The analysis showed that UK medical graduates feel least well prepared to look after acutely ill patients and to prescribe drugs. And their professional colleagues tend to agree with that assessment.

They too perceive newly qualified doctors to be the least well prepared in acute care, and furthermore, trends in the ratings given over time suggest that preparedness may have declined since the first publication of Tomorrow's Doctors in 1993.

The studies indicate that acute care consistently shows up as an area of concern.

Competence in acute care is particularly important, say the authors, because it is relevant for all specialties, whether they are community or hospital based, and is obviously key to helping to cut death rates.

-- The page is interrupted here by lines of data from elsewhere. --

(* Let $P$ be a finite graded poset with $\hat0$ and let $\lambda$ be an ER-labeling of $P$ satisfying the rank two switching property and the braid relation. Then for every interval $[x,y]$ of $P$, each connected component of the graph $G_{[x,y]}$ contains a unique sink, i.e., a unique ascent-free maximal chain of $[x,y]$.
   Context: An E-labeling of $P$ is a map $\lambda$ from the set of cover relations $x\lessdot y$ of $P$ to a poset $\Lambda$. The word of labels of a saturated chain $x_0\lessdot x_1\lessdot\cdots\lessdot x_\ell$ is $\lambda(x_0\lessdot x_1)\cdots\lambda(x_{\ell-1}\lessdot x_\ell)$; the chain is increasing if this word is strictly increasing in $\Lambda$, and ascent-free if there is no $i$ with $\lambda(x_{i-1}\lessdot x_i)<\lambda(x_i\lessdot x_{i+1})$. $\lambda$ is an ER-labeling if every closed interval has exactly one increasing maximal chain. $\lambda$ has the rank two switching property if for every saturated chain $\hat0=x_0\lessdot\cdots\lessdot x_k$ and every $i$ with $\lambda(x_{i-1}\lessdot x_i)<\lambda(x_i\lessdot x_{i+1})$ there is a unique element $x_i'$ with $x_{i-1}\lessdot x_i'\lessdot x_{i+1}$, $\lambda(x_{i-1}\lessdot x_i')=\lambda(x_i\lessdot x_{i+1})$ and $\lambda(x_i'\lessdot x_{i+1})=\lambda(x_{i-1}\lessdot x_i)$. For a maximal chain $\mathbf c$ of an interval $[x,y]$ with an ascent at rank position $i$, the quadratic exchange $U_i(\mathbf c)$ replaces $x_i$ by this $x_i'$; if there is no ascent at position $i$, $U_i(\mathbf c)=\mathbf c$. $G_{[x,y]}$ is the directed graph on the maximal chains of $[x,y]$ with an edge $\mathbf c\to U_i(\mathbf c)$ whenever $U_i(\mathbf c)\neq\mathbf c$; a sink is a vertex of outdegree $0$. The braid relation holds if for every maximal chain $\mathbf c$ of any interval with $\lambda(x_{i-1}\lessdot x_i)<\lambda(x_i\lessdot x_{i+1})<\lambda(x_{i+1}\lessdot x_{i+2})$ we have $U_iU_{i+1}U_i(\mathbf c)=U_{i+1}U_iU_{i+1}(\mathbf c)$. *)

From mathcomp Require Import all_boot all_order.
From Stdlib Require Import Relations.
Set Implicit Arguments. Unset Strict Implicit. Unset Printing Implicit Defensive.
Import Order.TTheory.
Local Open Scope order_scope.

Section Labelings.
Context {d : Order.disp_t} {P : finBPOrderType d}.
Context {dL : Order.disp_t} {L : porderType dL}.

Definition cover (x y : P) : bool :=
  (x < y) && [forall z : P, ~~ ((x < z) && (z < y))].

(* A (saturated) chain is represented by the full list of its elements
   x_0 :: x_1 :: ... :: x_l.  Maximal chains of [x,y]: *)
Definition mchain (x y : P) (c : seq P) : bool :=
  match c with
  | [::] => false
  | x' :: s => [&& x' == x, path cover x' s & last x' s == y]
  end.

Definition pmaxchain (c : seq P) : bool :=
  match c with
  | [::] => false
  | x' :: s => [&& x' == \bot, path cover x' s &
                   [forall z : P, ~~ (last x' s < z)]]
  end.

Definition graded : Prop :=
  forall c1 c2, pmaxchain c1 -> pmaxchain c2 -> size c1 = size c2.

Variable lam : P -> P -> L.

Definition labels (c : seq P) : seq L :=
  match c with [::] => [::] | x :: s => pairmap lam x s end.

Definition increasing (c : seq P) : bool := sorted (fun a b => a < b) (labels c).

Definition elt (c : seq P) (i : nat) : P := nth \bot c i.

(* ascent at rank position i (1 <= i <= l-1) *)
Definition ascent (c : seq P) (i : nat) : bool :=
  [&& 0 < i, i.+1 < size c &
      lam (elt c i.-1) (elt c i) < lam (elt c i) (elt c i.+1)].

Definition ascent_free (c : seq P) : Prop := forall i, ~~ ascent c i.

Definition ER_labeling : Prop :=
  forall x y : P, x <= y -> exists! c, mchain x y c /\ increasing c.

Definition rank_two_switching : Prop :=
  forall s : seq P, path cover \bot s ->
  forall i, ascent (\bot :: s) i ->
  let c := \bot :: s in
  exists! z : P, cover (elt c i.-1) z /\ cover z (elt c i.+1) /\
    lam (elt c i.-1) z = lam (elt c i) (elt c i.+1) /\
    lam z (elt c i.+1) = lam (elt c i.-1) (elt c i).

Definition U (c : seq P) (i : nat) : seq P :=
  if ascent c i then
    match [pick z | [&& cover (elt c i.-1) z, cover z (elt c i.+1),
                        lam (elt c i.-1) z == lam (elt c i) (elt c i.+1) &
                        lam z (elt c i.+1) == lam (elt c i.-1) (elt c i)]] with
    | Some z => set_nth \bot c i z
    | None => c
    end
  else c.

Definition braid_relation : Prop :=
  forall (x y : P) (c : seq P) (i : nat), mchain x y c ->
    ascent c i -> ascent c i.+1 ->
    U (U (U c i) i.+1) i = U (U (U c i.+1) i) i.+1.

Definition Gedge (x y : P) (c c' : seq P) : Prop :=
  mchain x y c /\ mchain x y c' /\ exists i, c' = U c i /\ c' <> c.

Definition Gconn (x y : P) : relation (seq P) := clos_refl_sym_trans _ (Gedge x y).

Definition Gsink (x y : P) (c : seq P) : Prop :=
  mchain x y c /\ forall c', ~ Gedge x y c c'.

End Labelings.

From Pilot Require Import Defs.
From mathcomp Require Import all_boot all_order zify.
From Stdlib Require Import Relations Classical.
Set Implicit Arguments. Unset Strict Implicit. Unset Printing Implicit Defensive.
Import Order.TTheory.
Local Open Scope order_scope.

(* Each exchange U_i turns an ascent of the label word into a descent and so
   raises its number of inversions by one: G_[x,y] has no infinite directed
   path.  Exchanges at positions at distance at least two commute, and at
   adjacent positions they are joined by the braid relation, so G_[x,y] is
   locally confluent.  By Newman's lemma every maximal chain reaches a unique
   sink, the same one for all chains of a connected component.  Sinks are
   exactly the ascent-free chains, because the rank two switching property
   (applied after extending the chain down to \hat0) provides an exchange at
   every ascent. *)

Section Newman.
Variables (T : Type) (R : relation T) (m : T -> nat).
Hypothesis R_decr : forall a b, R a b -> (m b < m a)%N.

Local Notation Rs := (clos_refl_trans T R).

Definition normal (a : T) : Prop := forall b, ~ R a b.

Lemma rt_refl_or_step a n : Rs a n -> a = n \/ exists2 b, R a b & Rs b n.
Proof.
move/(clos_rt_rt1n T R); case=> [|b n' ab bn]; first by left.
by right; exists b => //; apply: clos_rt1n_rt.
Qed.

Lemma normal_form_exists a : exists2 n, Rs a n & normal n.
Proof.
have [k] := ubnP (m a); elim: k a => // k IH a; rewrite ltnS => lt_a.
case: (classic (exists b, R a b)) => [[b ab] | irreducible].
  have [n bn nn] := IH b (leq_trans (R_decr ab) lt_a).
  by exists n => //; apply: rt_trans (rt_step _ _ _ _ ab) bn.
by exists a; [apply: rt_refl | move=> b ab; apply: irreducible; exists b].
Qed.

Hypothesis R_local_confl :
  forall a b1 b2, R a b1 -> R a b2 -> exists2 e, Rs b1 e & Rs b2 e.

Lemma normal_form_unique a n1 n2 :
  Rs a n1 -> normal n1 -> Rs a n2 -> normal n2 -> n1 = n2.
Proof.
have [k] := ubnP (m a); elim: k a n1 n2 => // k IH a n1 n2; rewrite ltnS => lt_a.
move=> /rt_refl_or_step [<- | [b1 ab1 b1n1]] nf1;
  move=> /rt_refl_or_step [<- | [b2 ab2 b2n2]] nf2 //.
- by case: (nf1 _ ab2).
- by case: (nf2 _ ab1).
have [e b1e b2e] := R_local_confl ab1 ab2.
have [n en nn] := normal_form_exists e.
have [ab1' ab2'] := (leq_trans (R_decr ab1) lt_a, leq_trans (R_decr ab2) lt_a).
rewrite (IH b1 n1 n ab1' b1n1 nf1 (rt_trans _ _ _ _ _ b1e en) nn).
by rewrite (IH b2 n2 n ab2' b2n2 nf2 (rt_trans _ _ _ _ _ b2e en) nn).
Qed.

They emphasise that the complexity of acute care means that newly qualified doctors are bound to feel a little anxious about their abilities, particularly in time pressured and increasingly litigious environments. And it is perhaps a good thing from the patient safety perspective that they call on senior colleagues for help.

But they add: “However, it is of concern that graduate preparedness in acute care, as perceived by their professional colleagues, compares so unfavourably with preparedness in other outcomes and appears to be trending downwards.”

They conclude: “The results of this study suggest that recent changes to UK undergraduate training, while improving preparedness in some areas, may have neglected acute care skills.”